Requirement: Could you set down exactly the lines in the records below between the line holding "by (field; lra)." and the line holding "Proof. intros Hd;", inclusive?

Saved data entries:
Theorem theorem4p5 (n : nat) (F : fieldType) :
  (2 <= n)%N ->
  let a := dic_a n in
  let b := dic_b n in
  let S : seq (dic n) :=
    ([seq a ^+ i | i <- iota 1 n.-1]
     ++ [seq a ^+ (2 * i) * b | i <- iota 1 n.-1]
     ++ [seq a ^+ (2 * i).+1 * b | i <- iota 1 n.-1])%g in
  \dim (Der_inn F (dic n)) = (3 * (n - 1))%N /\
  basis_of (Der_inn F (dic n)) [seq inner_der (gdelta F g) | g <- S].
Proof.
move=> n_ge2 a b S.
have S_basis : basis_of (Der_inn F (dic n)) [seq inner_der (gdelta F g) | g <- S].
  apply: Der_inn_basis.
  - exact: dic_basis_elems_uniq.
  - exact: dic_basis_elems_conj_out.
  - exact: dic_basis_elems_conj_in.
split=> //; case/andP: S_basis => /eqP <- /eqnP ->.
by rewrite size_map size_dic_basis_elems.
Qed.
Lemma rhornerXsubC c w : rhorner ('X - c%:P) w = w * a - c * w.
Proof.
rewrite /rhorner mulrBl hornerD hornerN -polyCM hornerC -commr_polyX.
by rewrite hornerMX hornerC.
Qed.

Lemma rhornerXnsubX n w : rhorner ('X^n - 'X) w = w * (a ^+ n - a).
Proof.
rewrite /rhorner mulrBl -commr_polyXn -commr_polyX -mulrBr hornerCM.
by rewrite hornerD hornerN hornerXn hornerX.
Qed.

Lemma rhorner_prod_XsubC_eq0 (l : seq R) v : v != 0 ->
  rhorner (\prod_(x <- l) ('X - x%:P)) v = 0 ->
  exists2 mu, mu \in l & exists2 y, y != 0 & y * a = mu * y.
Proof.
elim: l v => [|x l IH] v v_neq0.
  by rewrite big_nil /rhorner mul1r hornerC => v0; rewrite v0 eqxx in v_neq0.
rewrite big_cons rhornerM; set w := rhorner _ v.
have [w0 _ | w_neq0] := eqVneq w 0.
  by have [mu l_mu] := IH v v_neq0 w0; exists mu; rewrite // inE l_mu orbT.
rewrite rhornerXsubC => /eqP; rewrite subr_eq0 => /eqP wa.
by exists x; [exact: mem_head | exists w].
Qed.

End RightHorner.

Section BoundedExponent.
Variables (R : unitRingType) (p N : nat).
Hypotheses (R_div : is_division_ring R) (p_gt0 : (0 < p)%N) (pR0 : p%:R = 0 :> R).
Hypothesis exprS_eq1 : forall x : R, x != 0 -> x ^+ N.+1 = 1.

Definition power_span (C : seq R) (g : R) : seq R :=
  codom (fun c : {ffun 'I_N.+1 -> seq_sub C} => \sum_(j < N.+1) val (c j) * g ^+ j).

Lemma power_spanP C g x :
  reflect (exists2 c : 'I_N.+1 -> R,
             forall j, c j \in C & x = \sum_(j < N.+1) c j * g ^+ j)
          (x \in power_span C g).
Proof.
apply: (iffP codomP) => [[c ->] | [c cC ->]].
  by exists (fun j => val (c j)) => // j; apply: valP.
by exists [ffun j => SeqSub (cC j)]; apply: eq_bigr => j _; rewrite ffunE.
Qed.

Lemma invr_torsion (x : R) : x != 0 -> x^-1 = x ^+ N.
Proof. by move=> x_neq0; rewrite -[LHS]mul1r -(exprS_eq1 x_neq0) exprSr mulrK ?R_div. Qed.

Lemma oppr_char (x : R) : - x = x *+ p.-1.
Proof.
by apply/eqP; rewrite eq_sym -addr_eq0 -mulrSr prednK // -mulr_natr pR0 mulr0.
Qed.

Section Closure.
Context {C : seq R} {g : R}.
Hypotheses (C_closed : divring_closed (mem C)) (g_neq0 : g != 0).
Hypothesis C_conj : {in C, forall c, g * c / g \in C}.
Local Notation S := (power_span C g).

Let C_semiring := GRing.subring_closed_semi (GRing.divring_closedBM C_closed).
Let C0 : 0 \in C := C_semiring.1.1.
Let C1 : 1 \in C := C_semiring.2.1.
Let CD : {in C &, forall x y, x + y \in C} := C_semiring.1.2.
Let CM : {in C &, forall x y, x * y \in C} := C_semiring.2.2.

Lemma power_span0 : 0 \in S.
Proof.
by apply/power_spanP; exists (fun=> 0) => //; rewrite big1 // => j _; rewrite mul0r.
Qed.

Lemma power_spanD : {in S &, forall x y, x + y \in S}.
Proof.
move=> _ _ /power_spanP [c cC ->] /power_spanP [d dC ->]; apply/power_spanP.
exists (fun j => c j + d j) => [j|]; first exact: CD.
by rewrite -big_split; apply: eq_bigr => j _; rewrite mulrDl.
Qed.

Lemma power_span_sum (I : Type) (r : seq I) (P : pred I) (F : I -> R) :
  (forall i, P i -> F i \in S) -> \sum_(i <- r | P i) F i \in S.
Proof.
move=> FS; apply: (big_ind (fun x => x \in S)) => //.
  exact: power_span0.
exact: power_spanD.
Qed.

Lemma power_span_mulC c : c \in C -> {in S, forall x, c * x \in S}.
Proof.
move=> cC _ /power_spanP [d dC ->]; apply/power_spanP.
exists (fun j => c * d j) => [j|]; first exact: CM.
by rewrite mulr_sumr; apply: eq_bigr => j _; rewrite mulrA.
Qed.

(* Since g ^+ N.+1 = 1, multiplying by g shifts the exponents cyclically. *)
Lemma power_span_mulg : {in S, forall x, g * x \in S}.
Proof.
move=> _ /power_spanP [c cC ->]; apply/power_spanP.
exists (fun j => g * c (ord_pred j) / g) => [j|]; first exact: C_conj.
rewrite mulr_sumr [RHS](reindex_inj (@ordS_inj _)); apply: eq_bigr => j _.
by rewrite ordSK /= (expr_mod _ (exprS_eq1 g_neq0)) exprS !mulrA divrK ?R_div.
Qed.

Lemma power_spanC : {subset C <= S}.
Proof.
move=> c cC; apply/power_spanP.
exists (fun j => if j == ord0 then c else 0) => [j|]; first by case: ifP.
by rewrite big_ord_recl eqxx expr0 mulr1 big1 ?addr0 // => j _; rewrite mul0r.
Qed.

Lemma power_spanM : {in S &, forall x y, x * y \in S}.
Proof.
move=> _ y /power_spanP [c cC ->] yS; rewrite mulr_suml.
apply: power_span_sum => j _; rewrite -mulrA power_span_mulC //.
elim: (j : nat) => [|k IH]; first by rewrite mul1r.
by rewrite exprS -mulrA power_span_mulg.
Qed.

Lemma power_spanX x k : x \in S -> x ^+ k \in S.
Proof.
move=> xS; elim: k => [|k IH]; first by rewrite expr0 power_spanC.
by rewrite exprS power_spanM.
Qed.

Lemma power_span_g : g \in S.
Proof. by have := power_span_mulg (power_spanC C1); rewrite mulr1. Qed.

Lemma power_span_divring_closed : divring_closed (mem S).
Proof.
split; first exact: power_spanC.
  move=> x y xS yS; rewrite oppr_char power_spanD //.
  by elim: p.-1 => [|k IH]; rewrite ?mulr0n ?power_span0 // mulrS power_spanD.
move=> x y xS yS; have [-> | y_neq0] := eqVneq y 0.
  by rewrite invr0 mulr0 power_span0.
by rewrite invr_torsion // power_spanM ?power_spanX.
Qed.
(* Let $Y\in\mathbb{R}^{N\times M}$, $k\ge1$, and $\alpha,\nu,\gamma\ge0$. Consider $$\min_{A\in\mathbb{R}^{N\times k},\,P\in\mathbb{R}^{k\times M},\ A\ge0,\ P\ge0} J(A,P):=\|Y-AP\|_{F,2}^2+\alpha\|A\|_{F,1}+\nu\|P\|_{F,1}+\gamma\|PP^T-I\|_{F,1},$$ where $I$ is the $k\times k$ identity. If $(A,P)$ is a (local) minimizer of this problem, then for any constants $c_1,c_2>0$ there exist matrices $L\in\mathbb{R}^{k\times k}$, $\mu_A,\lambda_A\in\mathbb{R}^{N\times k}$, $\mu_P,\lambda_P\in\mathbb{R}^{k\times M}$, $\lambda_L\in\mathbb{R}^{k\times k}$ such that $$\begin{cases} 0=2APP^T-2YP^T+\mu_A+\alpha\lambda_A,\\ \lambda_A=\dfrac{\lambda_A+c_2A}{\max(1,|\lambda_A+c_2A|)},\\ \mu_A=\min(\mu_A+c_1A,0),\\ 0=-2A^TY+2A^TAP+\mu_P+\nu\lambda_P+\gamma(\lambda_L+\lambda_L^T)P,\\ \lambda_P=\dfrac{\lambda_P+c_2P}{\max(1,|\lambda_P+c_2P|)},\\ L=PP^T-I,\\ \lambda_L=\dfrac{\lambda_L+c_2L}{\max(1,|\lambda_L+c_2L|)},\\ \mu_P=\min(\mu_P+c_1P,0), \end{cases}$$ where division, maximum, minimum and absolute value are taken entrywise.
   Context: For a matrix $X$, $\|X\|_{F,2}=\sqrt{\sum_{i,j}|X_{ij}|^2}$ and $\|X\|_{F,1}=\sum_{i,j}|X_{ij}|$; $A\ge0$ means entrywise nonnegativity. Necessary optimality is understood in the sense of generalized (Clarke) subdifferential calculus for this nonsmooth, nonconvex problem. *)

From HB Require Import structures.
From mathcomp Require Import all_boot all_order all_algebra.
From mathcomp Require Import reals.
Set Implicit Arguments. Unset Strict Implicit. Unset Printing Implicit Defensive.
Import Order.TTheory GRing.Theory Num.Theory.
Local Open Scope ring_scope.

Definition mx_nonneg (R : realType) m n (X : 'M[R]_(m, n)) : Prop :=
  forall i j, 0 <= X i j.

Definition frob2sq (R : realType) m n (X : 'M[R]_(m, n)) : R :=
  \sum_(i < m) \sum_(j < n) (X i j) ^+ 2.

Definition frob1 (R : realType) m n (X : 'M[R]_(m, n)) : R :=
  \sum_(i < m) \sum_(j < n) `|X i j|.

Definition Jobj (R : realType) N M k (Y : 'M[R]_(N, M))
  (alpha nu gamma : R) (A : 'M[R]_(N, k)) (P : 'M[R]_(k, M)) : R :=
  frob2sq (Y - A *m P) + alpha * frob1 A + nu * frob1 P
  + gamma * frob1 (P *m P^T - 1%:M).

Definition local_minimizer (R : realType) N M k (Y : 'M[R]_(N, M))
  (alpha nu gamma : R) (A : 'M[R]_(N, k)) (P : 'M[R]_(k, M)) : Prop :=
  mx_nonneg A /\ mx_nonneg P /\
  exists eps : R, 0 < eps /\
    forall (A' : 'M[R]_(N, k)) (P' : 'M[R]_(k, M)),
      mx_nonneg A' -> mx_nonneg P' ->
      (forall i j, `|A' i j - A i j| < eps) ->
      (forall i j, `|P' i j - P i j| < eps) ->
      Jobj Y alpha nu gamma A P <= Jobj Y alpha nu gamma A' P'.

Definition proj_box (R : realType) m n (c : R) (X Z : 'M[R]_(m, n)) : 'M[R]_(m, n) :=
  \matrix_(i, j) ((X i j + c * Z i j) / Num.max 1 `|X i j + c * Z i j|).

Definition min0 (R : realType) m n (c : R) (X Z : 'M[R]_(m, n)) : 'M[R]_(m, n) :=
  \matrix_(i, j) Num.min (X i j + c * Z i j) 0.

From HB Require Import structures.
From mathcomp Require Import all_boot all_order all_algebra.
From mathcomp Require Import reals ring lra.
Set Implicit Arguments. Unset Strict Implicit. Unset Printing Implicit Defensive.
Import Order.TTheory GRing.Theory Num.Theory.
Local Open Scope ring_scope.

(* Let [dJ] be the one-sided directional derivative of [J] at the minimizer
   [(A, P)]. Since [J (A + s DA) (P + s DP) <= J A P + s * dJ + O(s^2)] and
   local minimality bounds the left side below by [J A P] for small feasible
   steps, [dJ] is nonnegative along every feasible direction. Elementary
   directions then give all the sign information. In [A]: the gradient plus
   [alpha] is nonnegative, and zero where [A > 0], so [lamA = 1] and
   [muA = - (gradient + alpha)] work. In [P], with [lamP = 1] and [lamL] the
   sign of [L = P P^T - I] where it is defined, the resulting gradient
   [gradP] is nonnegative off the support of [P] and vanishes on it, except
   in rows [a] with [|P_a| = 1]. There [|gradP| <= 2 gamma P], and shifting
   mass between two entries of the row shows that [gradP_a] is parallel to
   [P_a]; the ratio is the missing diagonal entry of [lamL], of modulus at
   most 1. *)

Section RealFacts.
Variable R : realFieldType.
Implicit Types (a b c d e s x y : R) (f g : R -> R).

(* Right derivative of [|.|] at [x] in direction [d]. *)
Definition dabs x d : R := if x == 0 then `|d| else Num.sg x * d.

Lemma dabs0 x : dabs x 0 = 0.
Proof. by rewrite /dabs normr0 mulr0; case: ifP. Qed.

Lemma dabs_gt0 x e : 0 < x -> dabs x e = e.
Proof. by move=> x0; rewrite /dabs gt_eqF // gtr0_sg // mul1r. Qed.

Lemma dabs_ge0 x e : 0 <= x -> 0 <= e -> dabs x e = e.
Proof.
rewrite le_eqVlt => /orP[/eqP<- e0|/dabs_gt0//].
by rewrite /dabs eqxx ger0_norm.
Qed.

Definition upper_expansion f a b : Prop :=
  exists K, forall s, 0 < s -> s <= 1 -> f s <= a + b * s + K * s ^+ 2.

Lemma upper_expansion_ext f g a b :
  (forall s, 0 < s -> s <= 1 -> f s = g s) ->
  upper_expansion g a b -> upper_expansion f a b.
Proof. by move=> fg [K HK]; exists K => s s0 s1; rewrite fg //; apply: HK. Qed.

Lemma upper_expansionD f g a b c d :
  upper_expansion f a b -> upper_expansion g c d ->
  upper_expansion (fun s => f s + g s) (a + c) (b + d).
Proof.
move=> [K1 H1] [K2 H2]; exists (K1 + K2) => s s0 s1.
by have := H1 s s0 s1; have := H2 s s0 s1; lra.
Qed.

Lemma upper_expansionZ f a b c : 0 <= c ->
  upper_expansion f a b -> upper_expansion (fun s => c * f s) (c * a) (c * b).
Proof.
move=> c0 [K HK]; exists (c * K) => s s0 s1.
have := ler_wpM2l c0 (HK s s0 s1); rewrite !mulrDr !mulrA; lra.
Qed.

Lemma upper_expansion_sum n (F : 'I_n -> R -> R) (a b : 'I_n -> R) :
  (forall i, upper_expansion (F i) (a i) (b i)) ->
  upper_expansion (fun s => \sum_(i < n) F i s)
    (\sum_(i < n) a i) (\sum_(i < n) b i).
Proof.
move=> H; have [K HK] := fin_all_exists H.
exists (\sum_(i < n) K i) => s s0 s1.
rewrite !mulr_suml -!big_split /=.
by apply: ler_sum => i _; apply: HK.
Qed.
Lemma radial_rate_le_speed eps P V d : 0 < d ->
  Rabs (dot P V / smoothed_radius d P) <= sqrt (metric_sq eps P V).
Proof.
  intros Hd; unfold smoothed_radius, metric_sq.
  pose proof (dot_self_ge0 P) as HPP; pose proof (dot_self_ge0 V) as HVV.
  pose proof (dot_Cauchy_Schwarz P V) as CS.
  destruct (Req_EM_T (enorm P) 0) as [E | E].
  - apply enorm_eq0 in E; subst P.
    replace (dot origin V) with 0 by (pt_unfold; ring).
    rewrite Rdiv_0_l, Rabs_R0, sqrt_0; lra.
  - pose proof (enorm_sqr P) as Hr2.
    set (r := enorm P) in *.
    assert (Hr : 0 < r) by (assert (0 <= r) by apply sqrt_pos; lra).
    set (vr := dot P V / r).
    assert (Hvr : vr ^ 2 <= dot V V).
    { unfold vr; replace ((dot P V / r) ^ 2) with (dot P V * dot P V / (r * r)) by (field; lra).
      apply Rmult_le_reg_r with (r * r); [nra|].
      unfold Rdiv; rewrite Rmult_assoc, Rinv_l by nra; nra. }
    apply Rle_trans with (sqrt (vr ^ 2)).
    + rewrite <- (pow2_abs vr), sqrt_pow2 by apply Rabs_pos.
      assert (Hs : 0 < sqrt (dot P P + d * d)) by (apply sqrt_lt_R0; nra).
      unfold vr; rewrite !Rabs_div, (Rabs_pos_eq r), (Rabs_pos_eq (sqrt _)) by (apply sqrt_pos || lra).
      apply Rmult_le_compat_l; [apply Rabs_pos|].
      apply Rinv_le_contravar; [lra|].
      unfold r, enorm; apply sqrt_le_1; nra.
    + pose proof (pow2_ge_0 (/ 2 * Rpower r (1 + eps) / r)).
      apply sqrt_le_1; fold vr; nra.
Qed.

Lemma smoothed_radius_pos d p : 0 < d -> 0 < smoothed_radius d p.
Proof. intros Hd; apply sqrt_lt_R0; pose proof (dot_self_ge0 p); nra. Qed.

Section SmoothedRadius.

Variables (g : R -> pt) (d : R).
Hypotheses (Hg : C1_curve g) (Hd : 0 < d).

Definition smoothed_radius_rate (s : R) : R :=
  dot (g s) (velocity g s) / smoothed_radius d (g s).

Lemma is_derive_smoothed_radius s :
  is_derive (fun t => smoothed_radius d (g t)) s (smoothed_radius_rate s).
Proof.
  destruct Hg as (Cx & Cy & Cz).
  destruct (Cx s) as [Ex _], (Cy s) as [Ey _], (Cz s) as [Ez _].
  pose proof (dot_self_ge0 (g s)) as Hge.
  pose proof (smoothed_radius_pos d (g s) Hd) as Hpos.
  unfold smoothed_radius_rate, smoothed_radius, velocity in *; pt_unfold.
  set (fx := fun t => px (g t)) in *; set (fy := fun t => py (g t)) in *;
    set (fz := fun t => pz (g t)) in *.
  change (px (g ?t)) with (fx t); change (py (g ?t)) with (fy t);
    change (pz (g ?t)) with (fz t).
  auto_derive.
  - repeat split; auto; unfold fx, fy, fz; nra.
  - change (fun x => ?f x) with f; field; unfold fx, fy, fz; lra.
Qed.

Output of the task:
    { unfold vr; replace ((dot P V / r) ^ 2) with (dot P V * dot P V / (r * r)) by (field; lra).
      apply Rmult_le_reg_r with (r * r); [nra|].
      unfold Rdiv; rewrite Rmult_assoc, Rinv_l by nra; nra. }
    apply Rle_trans with (sqrt (vr ^ 2)).
    + rewrite <- (pow2_abs vr), sqrt_pow2 by apply Rabs_pos.
      assert (Hs : 0 < sqrt (dot P P + d * d)) by (apply sqrt_lt_R0; nra).
      unfold vr; rewrite !Rabs_div, (Rabs_pos_eq r), (Rabs_pos_eq (sqrt _)) by (apply sqrt_pos || lra).
      apply Rmult_le_compat_l; [apply Rabs_pos|].
      apply Rinv_le_contravar; [lra|].
      unfold r, enorm; apply sqrt_le_1; nra.
    + pose proof (pow2_ge_0 (/ 2 * Rpower r (1 + eps) / r)).
      apply sqrt_le_1; fold vr; nra.
Qed.

Lemma smoothed_radius_pos d p : 0 < d -> 0 < smoothed_radius d p.
Proof. intros Hd; apply sqrt_lt_R0; pose proof (dot_self_ge0 p); nra. Qed.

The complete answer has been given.